The population center or centroid is the point where the state would balance if each resident had an equal weight. For example, if on a piece of cardboard a map of Florida was drawn and identical weights were placed at the location where each person lives, the population centroid would be the point at which this weighted map would balance perfectly on the tip of a pencil.
This study tracks the movement of Florida’s population center or “centroid.” The total population center movement from 1830 to 2010 is displayed on Map 1. In addition, Map 2 shows the movement of the population center in more detail from 1930 to 2010.
Centroid
The centroid for the total population of Florida (Map 1) moved to the southeast between 1830 and 2010, from Jefferson County to southwestern Polk County. From 1830 to 1900 the centroid moved southeasterly from Jefferson County to Dixie County as Florida’s population increased from 34,730 to 528,540. As the state’s population grew to 6,789,443 in 1970, the centroid continued its southeasterly trend but the movement to the south was more pronounced than the easterly component. In 1960 the centroid first moved into Polk County from southeastern Pasco County where it was located in 1950. The movement began to slow after 1960 and by 1980 stalled. From 1980 to 2010 the centroid has moved less than five miles to the east and approximately one mile to the north.
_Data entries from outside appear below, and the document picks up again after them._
Definition triple_sum (beta : nat -> R) (rho : R) (p : nat) : R :=
  sum_n_m (fun i => sum_n_m (fun j => sum_n_m (fun k =>
     Mentry beta rho p i j * Mentry beta rho p i k * Mentry beta rho p k j)
     1 p) 1 p) 1 p.

(** Bound each entry by [a_ij = r^|i-j| + u_i u_j], where [r = |rho|] and [u_k = |theta_k|].
    The kernel [r^|i-j|] has row sums at most [C = (1+r)/(1-r)], so Cauchy-Schwarz gives
    [u_k^2 <= C sum_j r^|k-j| beta_j^2]: the entries are bounded by a constant [K], and
    [V = sum_k u_k^2 <= C^2 sum_j beta_j^2] is bounded independently of [p].  Bounding the
    factor [M_kj] by [K],
    [|S_p| <= K sum_i (sum_j a_ij)^2 <= K sum_i (C + u_i sum_k u_k)^2 <= K p (C + V)^2],
    using [(sum_k u_k)^2 <= p V].  So [S_p = O(p)], a fortiori [o(p^(3/2))]. *)

From Stdlib Require Import Reals Lra Lia.
From Coquelicot Require Import Coquelicot.
Open Scope R_scope.

Lemma sum_n_m_Rplus (u v : nat -> R) n m :
  sum_n_m (fun k => u k + v k) n m = sum_n_m u n m + sum_n_m v n m.
Proof. exact (sum_n_m_plus u v n m). Qed.

Lemma sum_n_m_Rmult_l c (u : nat -> R) n m :
  sum_n_m (fun k => c * u k) n m = c * sum_n_m u n m.
Proof. exact (sum_n_m_mult_l c u n m). Qed.

Lemma sum_n_m_Rmult_r c (u : nat -> R) n m :
  sum_n_m (fun k => u k * c) n m = sum_n_m u n m * c.
Proof. exact (sum_n_m_mult_r c u n m). Qed.

Lemma sum_n_m_nonneg (a : nat -> R) n m :
  (forall k, 0 <= a k) -> 0 <= sum_n_m a n m.
Proof.
  intros Ha. apply Rle_trans with (sum_n_m (fun _ => 0) n m).
  - rewrite sum_n_m_const. lra.
  - apply sum_n_m_le, Ha.
Qed.
Lemma sub_checkT_approx g x d : bounded_on_dA B (fun t => g t - t x) d ->
  bounded_on_dA B (fun t => l * g t - checkT w U g t - t (lT x)) ((rnorm l + rnorm w) * d).
Proof.
move=> gx_le t t_dA; have t_char := shilov_char t_dA.
rewrite -(sub_checkT_check x t_char) /checkT /=.
have -> : l * g t - t w * g (t \o U) - (l * t x - t w * t (U x)) =
    l * (g t - t x) - t w * (g (t \o U) - (t \o U) x) by rewrite /=; ring.
apply: le_trans (ler_rnormD _ _) _; rewrite rnormN !rnormM mulrDl.
apply: lerD; first by rewrite ler_wpM2l ?rnorm_ge0 ?gx_le.
apply: ler_pM; rewrite ?rnorm_ge0 ?(char_le_rnorm w t_char) //.
exact/gx_le/(shilov_comp U_aut).
Qed.

Lemma checkA_sub_checkT g : checkA B g -> checkA B (fun t => l * g t - checkT w U g t).
Proof.
move=> /checkAP g_check; apply: (checkA_approx (K := rnorm l + rnorm w)) => d d_gt0.
have [x gx_le] := g_check d d_gt0.
by exists (lT x); apply: sub_checkT_approx.
Qed.

Section Extension.
Variable S0 : A -> A.
Hypothesis S0_right : forall x, lT (S0 x) = x.
Variable c : R.
Hypothesis c_below : forall x M,
  bounded_on_dA B (fun t => t (lT x)) M -> bounded_on_dA B (fun t => t x) (c * M).

(* [v] is admissible as the value at [t] of (λ - Ť)⁻¹ g: this inverse maps (lT x)ˇ to x̌
   and is c-Lipschitz. *)
Let extends (g : (A -> R[i]) -> R[i]) (v : R[i]) (t : A -> R[i]) := forall x e,
  bounded_on_dA B (fun s => g s - s (lT x)) e -> rnorm (v - t x) <= c * e.

Let approx_lT g d : checkA B g -> 0 < d ->
  exists x, bounded_on_dA B (fun s => g s - s (lT x)) d.
Proof. by move=> /checkAP g_check /g_check[y gy_le]; exists (S0 y); rewrite S0_right. Qed.
Lemma invariant_of_left (t0 t1 : R) : 0 <= t0 < t1 ->
  (forall u, t0 <= u < t1 -> pursuit_invariant t0 u) -> pursuit_invariant t0 t1.
Proof.
  intros Ht Hinv.
  assert (Hq1 : ra ^ 2 <= sqdist t1).
  { apply (continuity_pt_ge_of_left sqdist t0); [lra | apply continuity_pt_sqdist; lra |].
    intros u Hu. apply (Hinv u Hu). }
  split; [exact Hq1 |].
  apply (continuity_pt_le_of_left weighted_margin t0);
    [lra | apply continuity_pt_weighted_margin; lra |].
  intros u Hu. apply (Hinv u Hu).
Qed.

Lemma invariant_extends_right (t0 t1 : R) : 0 <= t0 <= t1 -> margin t0 < 0 ->
  (forall u, t0 <= u <= t1 -> pursuit_invariant t0 u) ->
  exists d, 0 < d /\ forall u, t1 <= u < t1 + d -> pursuit_invariant t0 u.
Proof.
  intros Ht Hm0 Hinv.
  destruct (Hinv t1 ltac:(lra)) as [Hq1 Hw1].
  assert (Hm1 : margin t1 < 0).
  { apply weighted_margin_neg_iff. apply weighted_margin_neg_iff in Hm0. lra. }
  destruct (sqdist_gt_radius_right t1 ltac:(lra) Hq1 Hm1) as [d1 [Hd1 Hq]].
  destruct (continuity_pt_pos_near (fun u => - weighted_margin u) t1) as [d2 [Hd2 Hneg]].
  { apply continuity_pt_opp, continuity_pt_weighted_margin; lra. }
  { enough (weighted_margin t1 < 0) by lra. now apply weighted_margin_neg_iff. }
  exists (Rmin d1 d2). split; [now apply Rmin_pos |].
  pose proof (Rmin_l d1 d2). pose proof (Rmin_r d1 d2).
  intros u Hu. destruct (Req_dec u t1) as [-> | Hne]; [now split |].
  split; [left; apply Hq; lra |].
  apply (Rle_trans _ (weighted_margin t1)); [| exact Hw1].
  apply weighted_margin_nonincr; [lra | exact Hq1 | intros z Hz; apply Hq; lra |].
  intros z Hz. apply weighted_margin_neg_iff.
  enough (0 < - weighted_margin z) by lra.
  apply Hneg. apply Rabs_def1; lra.
Qed.
(* With [v = exp (-pk beta/6)], [Q <= v^3] while the target is [exp (-v^2)]. *)
Lemma exp_neg_exp_le_one_sub k beta sign nu x (p : nat) : 512 <= INR k -> 100 <= beta ->
  (forall y, (y < k)%nat -> 0 <= nu y <= 1) ->
  (1 <= p)%nat -> (p <= n_good_pos k beta sign nu x)%nat ->
  exp (- exp (- (INR p * INR k * beta / 3))) <=
  1 - (1 - exp (- beta)) * prob_others_false k sign nu x.
Proof.
  intros Hk Hb Hnu Hp1 Hp; apply (le_INR 1) in Hp1; simpl in Hp1.
  pose proof (prob_others_false_bounds k sign nu x Hnu).
  pose proof (prob_others_false_le_cube k beta sign nu x p ltac:(lra) Hnu Hp) as HQp.
  set (v := exp (- (INR p * INR k * beta / 6))) in HQp.
  assert (Hpk : 512 <= INR p * INR k) by nra.
  assert (Hv : 0 <= v <= 1 / 2) by (split; [left; apply exp_pos | apply exp_neg_le_half; nra]).
  replace (- (INR p * INR k * beta / 3)) with (2 * - (INR p * INR k * beta / 6)) by field.
  rewrite <- (exp_pow _ 2); fold v; simpl INR.
  pose proof (exp_neg_sq_le_one_sub_cube v Hv); pose proof (exp_pos (- beta)); nra.
Qed.

Theorem lemma3p5 :
  exists k0 : nat, forall k : nat, (k0 <= k)%nat ->
  forall beta : R, beta >= INR k * ln 2 - 10 * ln (INR k) ->
  forall (sign : nat -> bool) (nu : nat -> R),
  (forall y, (y < k)%nat -> 0 <= nu y <= 1) ->
  forall x : nat, (x < k)%nat ->
  let ratio := hatnu beta k sign nu x true / hatnu beta k sign nu x false in
  (* (a) *)
  (exp (- beta) <= ratio <= exp beta) /\
  (* (b) *)
  (sign x = true -> ratio >= 1) /\
  (* (c) *)
  ((sign x = true /\ (forall y, (y < k)%nat -> y <> x -> sign y = false)) ->
   (forall y, (y < k)%nat -> sign y = false -> good k beta nu y) ->
   ratio >= exp (99 / 100 * beta)) /\
  (* (d) *)
  (forall p : nat, (1 <= p)%nat -> (p <= n_good_pos k beta sign nu x)%nat ->
   ratio >= exp (- exp (- (INR p * INR k * beta / 3)))).
Proof.
  exists 512%nat; intros k Hk beta Hbeta sign nu Hnu x Hx ratio.
  pose proof (beta_ge_100 k beta Hk Hbeta) as Hb.
  assert (Hk512 : 512 <= INR k) by (apply le_INR in Hk; rewrite INR_IZR_INZ in Hk; exact Hk).
  pose proof (prob_others_false_bounds k sign nu x Hnu) as HQ.
  assert (He : 0 < exp (- beta) <= 1) by (split; [apply exp_pos | apply exp_neg_le_1; lra]).
  assert (Hexp_beta : 1 <= exp beta) by (pose proof (exp_ineq1_le beta); lra).
  pose proof (one_sub_mul_bounds _ _ He HQ) as HD.
  unfold ratio; rewrite hatnu_ratio_eq by assumption.
  destruct (sign x).
  - assert (HinvD : 1 <= / (1 - (1 - exp (- beta)) * prob_others_false k sign nu x) <= exp beta).
    { rewrite <- Rinv_1, <- (Rinv_inv (exp beta)), <- exp_Ropp.
      split; apply Rinv_le_contravar; lra. }
    repeat split; try lra.
    + intros [_ Hneg] Hgood; apply Rle_ge, exp_99_le_inv_one_sub; assumption.
    + intros p _ _; pose proof (exp_neg_le_1 (exp (- (INR p * INR k * beta / 3)))).
      pose proof (exp_pos (- (INR p * INR k * beta / 3))); lra.
  - repeat split; try lra; try discriminate.
    intros p Hp1 Hp; apply Rle_ge, exp_neg_exp_le_one_sub; assumption.
Qed.
Lemma lpnorm_expn k (x : 'I_k -> R) p : (0 < p)%N ->
  lpnorm p%:R x ^+ p = \sum_i `|x i| ^+ p.
Proof.
move=> p0; rewrite /lpnorm powR_invn_expn //;
  last by rewrite sumr_ge0 // => i _; rewrite powR_ge0.
by apply: eq_bigr => i _; rewrite powR_mulrn.
Qed.

Lemma lpnorm2_sqr k (x : 'I_k -> R) : lpnorm 2%:R x ^+ 2 = sqnorm x.
Proof. by rewrite lpnorm_expn //; apply: eq_bigr => i _; rewrite real_normK ?num_real. Qed.

Lemma runitE k (x : 'I_k -> R) : runit x <-> sqnorm x = 1.
Proof.
rewrite /runit -lpnorm2_sqr; have : 0 <= lpnorm 2%:R x by apply: powR_ge0.
by split=> [-> | ]; [rewrite expr1n | nra].
Qed.

End RealFacts.

Section ComplexFacts.
Variable R : realType.
Local Notation normc := (@Normc.normc R).

Lemma normc_ge0 (z : R[i]) : 0 <= normc z.
Proof. by case: z => a b; apply: sqrtr_ge0. Qed.

Lemma normc_sqr (z : R[i]) : normc z ^+ 2 = complex.Re z ^+ 2 + complex.Im z ^+ 2.
Proof. by case: z => a b /=; rewrite sqr_sqrtr // addr_ge0 // sqr_ge0. Qed.

Lemma normc_real (r : R) : normc r%:C%C = `|r|.
Proof. by rewrite /= expr0n /= addr0 sqrtr_sqr. Qed.

Lemma ler_normc_sum (I : Type) (r : seq I) (F : I -> R[i]) :
  normc (\sum_(i <- r) F i) <= \sum_(i <- r) normc (F i).
Proof.
elim: r => [|a r IH]; first by rewrite !big_nil Normc.normc0.
by rewrite !big_cons (le_trans (le_normcD _ _)) // lerD2l.
Qed.

Lemma complex_sum (I : Type) (r : seq I) (F : I -> R[i]) :
  \sum_(i <- r) F i =
  ((\sum_(i <- r) complex.Re (F i)) +i* (\sum_(i <- r) complex.Im (F i)))%C.
Proof.
elim: r => [|a r IH]; first by rewrite !big_nil.
by rewrite !big_cons IH; case: (F a).
Qed.

Lemma mulc_conj (z : R[i]) : z * z^*%C = (normc z ^+ 2)%:C%C.
Proof.
rewrite normc_sqr; case: z => a b /=.
by apply/eqP; rewrite eq_complex /=; apply/andP; split; apply/eqP; ring.
Qed.

Lemma cunitE k (x : 'I_k -> R[i]) :
  cunit x <-> sqnorm (fun i => complex.Re (x i)) + sqnorm (fun i => complex.Im (x i)) = 1.
Proof.
have -> : sqnorm (fun i => complex.Re (x i)) + sqnorm (fun i => complex.Im (x i)) =
          clpnorm 2%:R x ^+ 2.
  rewrite /clpnorm powR_invn_expn //; last by rewrite sumr_ge0 // => i _; rewrite powR_ge0.
  rewrite /sqnorm -big_split; apply: eq_bigr => i _.
  by rewrite powR_mulrn ?normc_ge0 // normc_sqr.
rewrite /cunit; have : 0 <= clpnorm 2%:R x by apply: powR_ge0.
by split=> [-> | ]; [rewrite expr1n | nra].
Qed.

Definition cvec k (x : 'I_k -> R) : 'I_k -> R[i] := fun i => (x i)%:C%C.

Lemma cunit_cvec k (x : 'I_k -> R) : runit x -> cunit (cvec x).
Proof.
move/runitE => x1; apply/cunitE; rewrite -[RHS]x1 -[RHS]addr0; congr (_ + _).
by rewrite /sqnorm big1 // => i _; rewrite expr0n.
Qed.

Lemma pair4C_cvec n1 n2 n3 n4 (T : tensor4 R n1 n2 n3 n4) x1 x2 x3 x4 :
  pair4C T (cvec x1) (cvec x2) (cvec x3) (cvec x4) = (pair4R T x1 x2 x3 x4)%:C%C.
Proof.
rewrite /pair4R rmorph_sum; apply: eq_bigr => i _; rewrite rmorph_sum.
apply: eq_bigr => j _; rewrite rmorph_sum; apply: eq_bigr => k _.
by rewrite rmorph_sum; apply: eq_bigr => l _; rewrite !rmorphM conjc_real.
Qed.

Lemma pair3C_cvec n1 n2 n3 (T : tensor3 R n1 n2 n3) x1 x2 x3 :
  pair3C T (cvec x1) (cvec x2) (cvec x3) = (pair3R T x1 x2 x3)%:C%C.
Proof.
rewrite /pair3R rmorph_sum; apply: eq_bigr => i _; rewrite rmorph_sum.
apply: eq_bigr => j _; rewrite rmorph_sum; apply: eq_bigr => k _.
by rewrite !rmorphM conjc_real.
Qed.

Lemma SepC_cvec n (Y : op2 R n) : SepR Y -> SepC (fun p q => (Y p q)%:C%C).
Proof.
move=> [k [w [v1 [v2 [w0 [w1 [v_unit ->]]]]]]].
exists k, w, (fun j => cvec (v1 j)), (fun j => cvec (v2 j)).
split; first exact: w0.
split; first exact: w1.
split=> [j|]; first by have [] := v_unit j; split; apply: cunit_cvec.
apply: funext => p; apply: funext => q; rewrite rmorph_sum; apply: eq_bigr => j _.
by rewrite /kron /couter /router /cvec !rmorphM !conjc_real.
Qed.

End ComplexFacts.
The movement of the centroid prior to 1900 reflects the gradual increase in settlement of areas of eastern and southern Florida that previously were sparsely settled. The only decade where the centroid moved to the west was between 1890 and 1900. This westward shift may be due in part to soldiers stationed at western Florida ports returning to live in familiar western areas of the state after the Spanish American War. The increased movement to the south after 1900 most likely reflects the growth of the railroads, highways and later to modern conveniences (air-conditioning) that allowed for the settlement of sub-tropical Florida. By the second half of the twentieth century the central regions of the state started to experience higher growth rates, reflecting the growth in the tourist and service industries along with available space for development. As a result of this recent population growth in central Florida, the centroid stalled and even moved slightly to the north.
Conclusion
The centroid is a single visual measure whose movement over time helps to capture general population settlement patterns. One can quickly look at the movement of the centroid and sense the flow of population growth. Florida’s population growth spreading from the panhandle to the southern peninsula can be seen in the sweeping southeasterly movement of Florida’s population centroid on the map of the centroid from 1830 to 2010.
Since the first Florida census in 1830, the state has seen mostly continuous and rapid growth. New residents originally arrived in the north and gradually settled the lower peninsula. As this settlement process proceeded, the center of population shifted southward. Now that the state contains nearly nineteen million people and new residents are arriving in large numbers to most areas of the state, the population center likely will remain in the general area where it is now in the central Florida peninsula.